[Required action]
Filter this data down to the lines that hold "CADk", and copy them.

[Task input]
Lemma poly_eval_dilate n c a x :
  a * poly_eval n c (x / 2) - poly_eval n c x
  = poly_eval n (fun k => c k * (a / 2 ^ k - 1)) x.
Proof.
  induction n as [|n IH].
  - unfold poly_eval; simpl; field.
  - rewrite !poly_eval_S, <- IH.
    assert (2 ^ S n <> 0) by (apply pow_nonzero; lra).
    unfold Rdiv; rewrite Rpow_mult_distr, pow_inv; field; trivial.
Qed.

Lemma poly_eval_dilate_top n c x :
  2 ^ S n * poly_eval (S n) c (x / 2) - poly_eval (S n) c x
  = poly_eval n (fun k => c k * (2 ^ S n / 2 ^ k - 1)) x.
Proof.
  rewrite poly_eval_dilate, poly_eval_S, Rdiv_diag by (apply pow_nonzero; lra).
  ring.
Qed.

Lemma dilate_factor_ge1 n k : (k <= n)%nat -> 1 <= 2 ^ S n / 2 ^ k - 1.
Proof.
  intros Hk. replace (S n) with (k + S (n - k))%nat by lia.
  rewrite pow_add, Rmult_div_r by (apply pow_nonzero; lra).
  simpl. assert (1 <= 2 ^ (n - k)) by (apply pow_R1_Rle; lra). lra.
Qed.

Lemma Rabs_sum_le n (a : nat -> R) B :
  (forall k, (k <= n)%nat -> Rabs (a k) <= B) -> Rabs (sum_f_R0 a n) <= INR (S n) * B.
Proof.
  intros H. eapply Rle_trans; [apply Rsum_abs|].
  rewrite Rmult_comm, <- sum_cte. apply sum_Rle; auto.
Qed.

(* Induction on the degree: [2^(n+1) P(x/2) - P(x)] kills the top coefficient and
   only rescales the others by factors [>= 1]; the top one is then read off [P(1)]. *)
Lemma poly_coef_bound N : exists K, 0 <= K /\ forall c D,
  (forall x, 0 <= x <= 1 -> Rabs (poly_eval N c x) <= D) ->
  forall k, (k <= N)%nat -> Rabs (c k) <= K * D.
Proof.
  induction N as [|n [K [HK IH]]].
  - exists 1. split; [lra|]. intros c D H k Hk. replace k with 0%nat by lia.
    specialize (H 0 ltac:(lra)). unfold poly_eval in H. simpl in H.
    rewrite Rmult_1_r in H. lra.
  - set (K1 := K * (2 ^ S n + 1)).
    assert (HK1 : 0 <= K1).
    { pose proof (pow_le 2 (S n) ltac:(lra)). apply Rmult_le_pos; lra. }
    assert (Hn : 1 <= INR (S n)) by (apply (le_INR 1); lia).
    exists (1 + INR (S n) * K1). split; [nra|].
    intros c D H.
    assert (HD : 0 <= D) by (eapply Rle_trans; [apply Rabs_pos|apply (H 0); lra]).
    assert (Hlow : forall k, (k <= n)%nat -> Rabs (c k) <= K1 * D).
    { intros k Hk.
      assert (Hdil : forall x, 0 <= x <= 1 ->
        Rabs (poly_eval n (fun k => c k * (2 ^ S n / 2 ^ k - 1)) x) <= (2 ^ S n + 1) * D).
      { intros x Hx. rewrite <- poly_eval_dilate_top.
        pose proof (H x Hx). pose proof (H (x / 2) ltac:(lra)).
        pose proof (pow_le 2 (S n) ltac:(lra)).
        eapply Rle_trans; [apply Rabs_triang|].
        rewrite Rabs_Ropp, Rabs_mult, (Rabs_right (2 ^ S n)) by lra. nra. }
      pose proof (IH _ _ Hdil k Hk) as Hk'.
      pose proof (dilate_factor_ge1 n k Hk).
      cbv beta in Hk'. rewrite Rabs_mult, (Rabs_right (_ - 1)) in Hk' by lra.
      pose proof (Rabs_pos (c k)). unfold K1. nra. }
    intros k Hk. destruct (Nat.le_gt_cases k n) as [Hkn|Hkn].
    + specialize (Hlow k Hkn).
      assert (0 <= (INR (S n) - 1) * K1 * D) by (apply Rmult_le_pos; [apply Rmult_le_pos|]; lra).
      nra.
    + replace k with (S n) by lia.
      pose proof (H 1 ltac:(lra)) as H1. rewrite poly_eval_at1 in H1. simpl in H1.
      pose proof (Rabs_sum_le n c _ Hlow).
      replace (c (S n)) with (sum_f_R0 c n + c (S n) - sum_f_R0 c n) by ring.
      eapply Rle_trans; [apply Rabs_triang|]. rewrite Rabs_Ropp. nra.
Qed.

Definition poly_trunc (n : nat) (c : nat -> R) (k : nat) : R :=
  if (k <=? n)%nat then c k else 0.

==

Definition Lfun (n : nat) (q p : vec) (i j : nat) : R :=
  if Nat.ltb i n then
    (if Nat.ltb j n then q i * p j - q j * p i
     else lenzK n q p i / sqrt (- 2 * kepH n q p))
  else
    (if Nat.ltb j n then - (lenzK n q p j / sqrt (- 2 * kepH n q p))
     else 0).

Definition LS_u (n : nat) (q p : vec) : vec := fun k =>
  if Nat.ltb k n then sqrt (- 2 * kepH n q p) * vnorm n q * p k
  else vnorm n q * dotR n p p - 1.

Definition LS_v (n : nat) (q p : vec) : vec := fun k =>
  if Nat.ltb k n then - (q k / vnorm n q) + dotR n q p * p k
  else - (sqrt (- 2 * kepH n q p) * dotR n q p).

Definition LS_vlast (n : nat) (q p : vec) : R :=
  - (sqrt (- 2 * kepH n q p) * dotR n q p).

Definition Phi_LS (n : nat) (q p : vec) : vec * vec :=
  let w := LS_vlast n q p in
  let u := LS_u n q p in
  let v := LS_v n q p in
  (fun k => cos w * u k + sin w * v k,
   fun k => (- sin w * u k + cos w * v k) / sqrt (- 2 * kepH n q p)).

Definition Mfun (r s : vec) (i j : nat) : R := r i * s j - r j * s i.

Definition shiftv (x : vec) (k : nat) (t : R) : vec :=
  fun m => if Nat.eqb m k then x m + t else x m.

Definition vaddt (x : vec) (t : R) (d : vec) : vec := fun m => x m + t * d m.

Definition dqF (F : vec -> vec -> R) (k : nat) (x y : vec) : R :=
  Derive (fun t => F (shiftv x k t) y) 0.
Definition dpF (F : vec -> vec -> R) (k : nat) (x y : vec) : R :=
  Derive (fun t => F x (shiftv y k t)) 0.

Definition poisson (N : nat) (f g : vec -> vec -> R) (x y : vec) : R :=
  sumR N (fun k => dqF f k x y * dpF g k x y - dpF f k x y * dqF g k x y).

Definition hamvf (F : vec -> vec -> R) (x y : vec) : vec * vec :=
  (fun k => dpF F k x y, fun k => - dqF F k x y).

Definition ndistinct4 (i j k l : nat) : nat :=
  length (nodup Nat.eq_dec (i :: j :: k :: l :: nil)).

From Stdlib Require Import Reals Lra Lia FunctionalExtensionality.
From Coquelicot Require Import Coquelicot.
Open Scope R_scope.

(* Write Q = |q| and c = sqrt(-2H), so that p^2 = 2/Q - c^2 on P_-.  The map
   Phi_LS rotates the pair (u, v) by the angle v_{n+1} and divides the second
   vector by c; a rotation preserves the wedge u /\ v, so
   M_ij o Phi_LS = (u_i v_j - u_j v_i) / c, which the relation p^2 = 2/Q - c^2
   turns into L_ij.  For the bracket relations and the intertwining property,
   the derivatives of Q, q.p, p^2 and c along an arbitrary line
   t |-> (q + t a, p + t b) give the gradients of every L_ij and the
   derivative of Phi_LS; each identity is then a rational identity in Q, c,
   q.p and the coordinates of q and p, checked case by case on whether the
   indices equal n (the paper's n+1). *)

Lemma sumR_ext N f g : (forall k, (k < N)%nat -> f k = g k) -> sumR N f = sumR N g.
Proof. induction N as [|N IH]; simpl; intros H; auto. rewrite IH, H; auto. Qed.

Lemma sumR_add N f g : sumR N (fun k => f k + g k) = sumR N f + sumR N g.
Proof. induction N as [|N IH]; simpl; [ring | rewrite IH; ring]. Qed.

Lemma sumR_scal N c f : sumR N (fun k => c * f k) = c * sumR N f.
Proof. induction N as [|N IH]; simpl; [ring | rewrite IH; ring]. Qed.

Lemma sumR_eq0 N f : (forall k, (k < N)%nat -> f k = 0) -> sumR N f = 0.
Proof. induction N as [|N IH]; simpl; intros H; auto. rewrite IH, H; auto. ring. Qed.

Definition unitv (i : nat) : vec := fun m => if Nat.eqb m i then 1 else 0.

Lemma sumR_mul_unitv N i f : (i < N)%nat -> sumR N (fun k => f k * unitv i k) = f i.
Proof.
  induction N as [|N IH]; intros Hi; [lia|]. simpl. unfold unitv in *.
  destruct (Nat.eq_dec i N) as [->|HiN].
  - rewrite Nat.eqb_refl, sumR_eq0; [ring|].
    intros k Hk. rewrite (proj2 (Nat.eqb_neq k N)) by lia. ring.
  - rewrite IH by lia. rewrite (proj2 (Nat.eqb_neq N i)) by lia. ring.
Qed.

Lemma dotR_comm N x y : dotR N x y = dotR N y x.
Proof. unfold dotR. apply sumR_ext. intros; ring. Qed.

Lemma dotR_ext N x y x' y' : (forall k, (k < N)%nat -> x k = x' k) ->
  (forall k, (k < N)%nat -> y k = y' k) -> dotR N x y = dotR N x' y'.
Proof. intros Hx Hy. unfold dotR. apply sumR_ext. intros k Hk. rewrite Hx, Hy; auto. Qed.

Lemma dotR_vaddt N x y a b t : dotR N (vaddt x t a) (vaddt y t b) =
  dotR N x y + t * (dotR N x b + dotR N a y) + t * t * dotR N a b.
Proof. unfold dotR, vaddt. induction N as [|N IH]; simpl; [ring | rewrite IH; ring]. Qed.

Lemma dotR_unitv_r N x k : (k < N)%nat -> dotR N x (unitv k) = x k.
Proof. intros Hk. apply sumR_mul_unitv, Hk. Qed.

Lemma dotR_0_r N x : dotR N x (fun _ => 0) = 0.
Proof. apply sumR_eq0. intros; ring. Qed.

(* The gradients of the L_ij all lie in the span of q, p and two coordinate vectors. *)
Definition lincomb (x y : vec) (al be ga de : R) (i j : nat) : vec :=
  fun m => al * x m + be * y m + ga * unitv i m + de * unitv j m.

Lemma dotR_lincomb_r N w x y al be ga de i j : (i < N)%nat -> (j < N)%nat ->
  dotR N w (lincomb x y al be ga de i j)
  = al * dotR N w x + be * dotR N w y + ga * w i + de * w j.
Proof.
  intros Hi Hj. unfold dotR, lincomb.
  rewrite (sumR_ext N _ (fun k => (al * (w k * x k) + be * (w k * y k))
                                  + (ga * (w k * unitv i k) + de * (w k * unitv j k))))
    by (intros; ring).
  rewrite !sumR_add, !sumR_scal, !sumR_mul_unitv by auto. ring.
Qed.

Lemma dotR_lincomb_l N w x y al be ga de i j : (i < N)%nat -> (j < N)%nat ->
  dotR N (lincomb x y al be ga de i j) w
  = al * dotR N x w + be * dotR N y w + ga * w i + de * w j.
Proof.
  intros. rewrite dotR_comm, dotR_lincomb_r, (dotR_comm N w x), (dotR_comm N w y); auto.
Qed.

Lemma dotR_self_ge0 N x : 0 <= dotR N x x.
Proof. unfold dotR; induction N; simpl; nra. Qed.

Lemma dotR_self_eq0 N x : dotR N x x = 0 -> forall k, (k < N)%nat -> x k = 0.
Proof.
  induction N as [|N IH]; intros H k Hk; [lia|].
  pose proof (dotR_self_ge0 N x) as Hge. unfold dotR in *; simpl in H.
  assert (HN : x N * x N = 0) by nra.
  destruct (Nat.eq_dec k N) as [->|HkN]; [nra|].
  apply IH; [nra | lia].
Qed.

* * *

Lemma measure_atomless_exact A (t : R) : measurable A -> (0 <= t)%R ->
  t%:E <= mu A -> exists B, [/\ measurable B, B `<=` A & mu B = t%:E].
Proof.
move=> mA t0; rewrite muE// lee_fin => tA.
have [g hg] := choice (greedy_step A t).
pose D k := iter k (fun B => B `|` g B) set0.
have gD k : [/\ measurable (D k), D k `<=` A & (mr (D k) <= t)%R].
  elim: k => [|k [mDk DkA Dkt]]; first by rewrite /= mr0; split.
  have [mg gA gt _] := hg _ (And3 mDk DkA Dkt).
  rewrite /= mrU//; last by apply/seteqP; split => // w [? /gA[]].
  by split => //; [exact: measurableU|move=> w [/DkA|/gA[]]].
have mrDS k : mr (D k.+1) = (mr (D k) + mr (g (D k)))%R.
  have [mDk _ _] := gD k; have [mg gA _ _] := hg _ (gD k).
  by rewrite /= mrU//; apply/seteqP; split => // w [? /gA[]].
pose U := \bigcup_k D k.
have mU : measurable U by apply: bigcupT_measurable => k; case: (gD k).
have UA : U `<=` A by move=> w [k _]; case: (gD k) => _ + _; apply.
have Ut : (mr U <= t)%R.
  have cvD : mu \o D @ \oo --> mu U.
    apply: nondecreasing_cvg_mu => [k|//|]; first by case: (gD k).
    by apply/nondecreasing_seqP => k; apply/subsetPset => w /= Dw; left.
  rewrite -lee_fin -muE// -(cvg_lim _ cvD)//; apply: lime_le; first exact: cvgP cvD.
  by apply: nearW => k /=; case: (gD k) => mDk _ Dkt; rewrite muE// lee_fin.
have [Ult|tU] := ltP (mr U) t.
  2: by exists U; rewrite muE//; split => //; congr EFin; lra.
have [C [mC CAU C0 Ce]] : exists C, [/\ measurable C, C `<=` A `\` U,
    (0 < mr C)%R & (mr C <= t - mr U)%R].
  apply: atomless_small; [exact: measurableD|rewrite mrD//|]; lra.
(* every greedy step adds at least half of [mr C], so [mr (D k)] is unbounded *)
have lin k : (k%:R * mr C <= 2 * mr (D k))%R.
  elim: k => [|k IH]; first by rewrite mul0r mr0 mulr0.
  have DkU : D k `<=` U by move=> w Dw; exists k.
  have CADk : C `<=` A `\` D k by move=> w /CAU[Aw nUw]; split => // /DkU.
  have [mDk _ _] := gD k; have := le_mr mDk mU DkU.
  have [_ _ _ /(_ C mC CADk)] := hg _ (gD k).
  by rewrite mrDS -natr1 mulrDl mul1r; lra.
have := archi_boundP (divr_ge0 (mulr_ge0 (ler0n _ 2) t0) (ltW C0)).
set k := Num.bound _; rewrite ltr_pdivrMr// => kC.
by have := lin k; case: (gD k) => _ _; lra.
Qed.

[Solved problem]
  have CADk : C `<=` A `\` D k by move=> w /CAU[Aw nUw]; split => // /DkU.
  have [_ _ _ /(_ C mC CADk)] := hg _ (gD k).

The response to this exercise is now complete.